After about an hour minutes though, Nainggolan was placed as a number 10 behind Dzeko and Schick with De Rossi and Strootman forming a double pivot behind the Belgian. This new setup can be seen below as well as the substitute Cengiz Under (red) dropping into the right half-space to get the ball. The new positions was likely a way Di Francesco though he could overcome Lazio’s strong coverage in front of their defense; with Lucas occupied with Nainggolan it should open space for Under. It didn’t yield a winner though, but it was interesting to see the idea.

Lazio then? It wasn’t their most exciting performance of the season but they were largely solid and restricted Roma to few chances.
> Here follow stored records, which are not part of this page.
(* Let $A\subseteq\Gamma^m$ be a non-empty, non-negative definable set and let $f:A\to\Omega$ be a largely continuous definable map. Then $f$ attains a minimum on $A$.
   Context: $\mathcal{Z}$ is a $\mathbb{Z}$-group (linearly ordered abelian group with smallest positive element $1$ and $|\mathcal{Z}/n\mathcal{Z}|=n$ for all $n\geq1$), $\mathcal{Q}$ its divisible hull, $\Gamma=\mathcal{Z}\cup\{+\infty\}$, $\Omega=\mathcal{Q}\cup\{+\infty\}$. $\Omega$ has the topology generated by open intervals and $]a,+\infty]$ ($a\in\mathcal{Q}$); $\Omega^m$ product topology, $\Gamma^m$ induced; $\overline A$ is the closure in $\Omega^m$. Non-negative: all coordinates $\geq0$. $f$ is largely continuous if it extends to a continuous map on $\overline A$. For $I\subseteq\{1,\dots,m\}$, $F_I(\Gamma^m)$ is the set of points whose coordinates different from $+\infty$ are exactly those indexed by $I$, identified with $\mathcal{Z}^{|I|}$. $A\subseteq\Gamma^m$ is definable if each $A\cap F_I(\Gamma^m)$ is first-order definable with parameters in $\mathcal{Z}$ in the Presburger language $\{0,1,+,\leq,(\equiv_n)_{n\geq1}\}$; $f:A\to\Omega$ is definable if for some integer $n\geq1$, $nf$ takes values in $\Gamma$ and on each $A\cap F_I(\Gamma^m)$, $nf$ is either constantly $+\infty$ or a map into $\mathcal{Z}$ with definable graph. *)

From mathcomp Require Import all_boot all_algebra.
Set Implicit Arguments. Unset Strict Implicit. Unset Printing Implicit Defensive.
Import GRing.Theory.
Local Open Scope ring_scope.

Record oagroup (G : zmodType) (le : G -> G -> Prop) : Prop := {
  oa_refl  : forall x, le x x;
  oa_trans : forall x y z, le x y -> le y z -> le x z;
  oa_anti  : forall x y, le x y -> le y x -> x = y;
  oa_total : forall x y, le x y \/ le y x;
  oa_add   : forall x y z, le x y -> le (x + z) (y + z) }.

(* Z is a Z-group with distinguished element one = 1:
   1 is the smallest positive element and |Z/nZ| = n for all n >= 1
   (witnessed by a bijection between 'I_n and Z/nZ). *)
Record zgroup (Z : zmodType) (le : Z -> Z -> Prop) (one : Z) : Prop := {
  zg_oa      : oagroup le;
  zg_one_pos : le 0 one /\ one <> 0;
  zg_one_min : forall x, le 0 x -> x <> 0 -> le one x;
  zg_quot    : forall n : nat, (0 < n)%N ->
                 exists r : 'I_n -> Z,
                   forall x : Z, exists! i : 'I_n, exists y : Z, x - r i = y *+ n }.

Record divhull (Z : zmodType) (leZ : Z -> Z -> Prop)
               (Q : zmodType) (leQ : Q -> Q -> Prop) (iota : Z -> Q) : Prop := {
  dh_oa   : oagroup leQ;
  dh_add  : forall x y, iota (x + y) = iota x + iota y;
  dh_le   : forall x y, leZ x y <-> leQ (iota x) (iota y);
  dh_div  : forall (q : Q) (n : nat), (0 < n)%N -> exists r : Q, r *+ n = q;
  dh_tors : forall q : Q, exists n : nat, (0 < n)%N /\ exists z : Z, q *+ n = iota z }.

Definition ltrel (T : Type) (le : T -> T -> Prop) (x y : T) := le x y /\ x <> y.

(* Gamma = option Z and Omega = option Q, with None standing for +infinity. *)
Definition leO (Q : Type) (leQ : Q -> Q -> Prop) (x y : option Q) : Prop :=
  match x, y with
  | _, None => True
  | None, Some _ => False
  | Some a, Some b => leQ a b
  end.

(* Basic open sets of Omega: open intervals ]a,b[ and rays ]a,+oo] (a,b in Q). *)
Inductive basic (Q : Type) := BInt of Q & Q | BRay of Q.

Definition in_basic (Q : Type) (leQ : Q -> Q -> Prop) (B : basic Q) (y : option Q) : Prop :=
  match B, y with
  | BInt a b, Some q => ltrel leQ a q /\ ltrel leQ q b
  | BInt _ _, None => False
  | BRay a, Some q => ltrel leQ a q
  | BRay _, None => True
  end.

Definition in_box (Q : Type) (leQ : Q -> Q -> Prop) (m : nat)
  (U : 'I_m -> basic Q) (y : 'I_m -> option Q) : Prop :=
  forall i, in_basic leQ (U i) (y i).

Definition embO (Z Q : Type) (iota : Z -> Q) (m : nat) (x : 'I_m -> option Z) :
  'I_m -> option Q := fun i => omap iota (x i).

Definition in_closure (Z Q : Type) (leQ : Q -> Q -> Prop) (iota : Z -> Q) (m : nat)
  (A : ('I_m -> option Z) -> Prop) (y : 'I_m -> option Q) : Prop :=
  forall U : 'I_m -> basic Q, in_box leQ U y ->
    exists x, A x /\ in_box leQ U (embO iota x).

(* f : A -> Omega is largely continuous: it extends to a map on the closure
   of A which is continuous for the subspace topology. *)
Definition largely_continuous (Z Q : Type) (leQ : Q -> Q -> Prop) (iota : Z -> Q)
  (m : nat) (A : ('I_m -> option Z) -> Prop) (f : ('I_m -> option Z) -> option Q) : Prop :=
  exists g : ('I_m -> option Q) -> option Q,
    (forall x, A x -> g (embO iota x) = f x) /\
    (forall y, in_closure leQ iota A y ->
       forall V : basic Q, in_basic leQ V (g y) ->
       exists U : 'I_m -> basic Q, in_box leQ U y /\
         forall y', in_closure leQ iota A y' -> in_box leQ U y' ->
           in_basic leQ V (g y')).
They had a couple of their own, but they failed to add to their free-scoring seasonal tally. They had one of the best attacks of the game however which perfectly encapsulated how important Marco Parolo’s deep runs from midfield are for Lazio’s style of play. Lucas first plays a pass to Immobile who lays it off to Milinkovic-Savic. The Serbian has spotted Parolo’s run and chips the ball over the Roma defense to the onrushing midfielder who fails to control the ball cleanly when trying to take it down and it goes over the line. It could have been the moment to turn a draw into a win but it wasn’t to be on the night.

Summary

The Roman rivalry is one of the most intense in football and the 0-0 result didn’t match the fireworks in the stands. It leaves these clubs in 3rd and 4th, both a point ahead of Inter in fifth, in an exciting race for Champions League qualification. Lazio’s defeat in Europe might give them an edge as they only have six league games left now while Roma will focus a lot of their energy towards their Champions League semi-final. It will be intriguing to see how it all ends. On Sunday though, the two sides largely cancelled each other out in a tense, restless and goalless derby.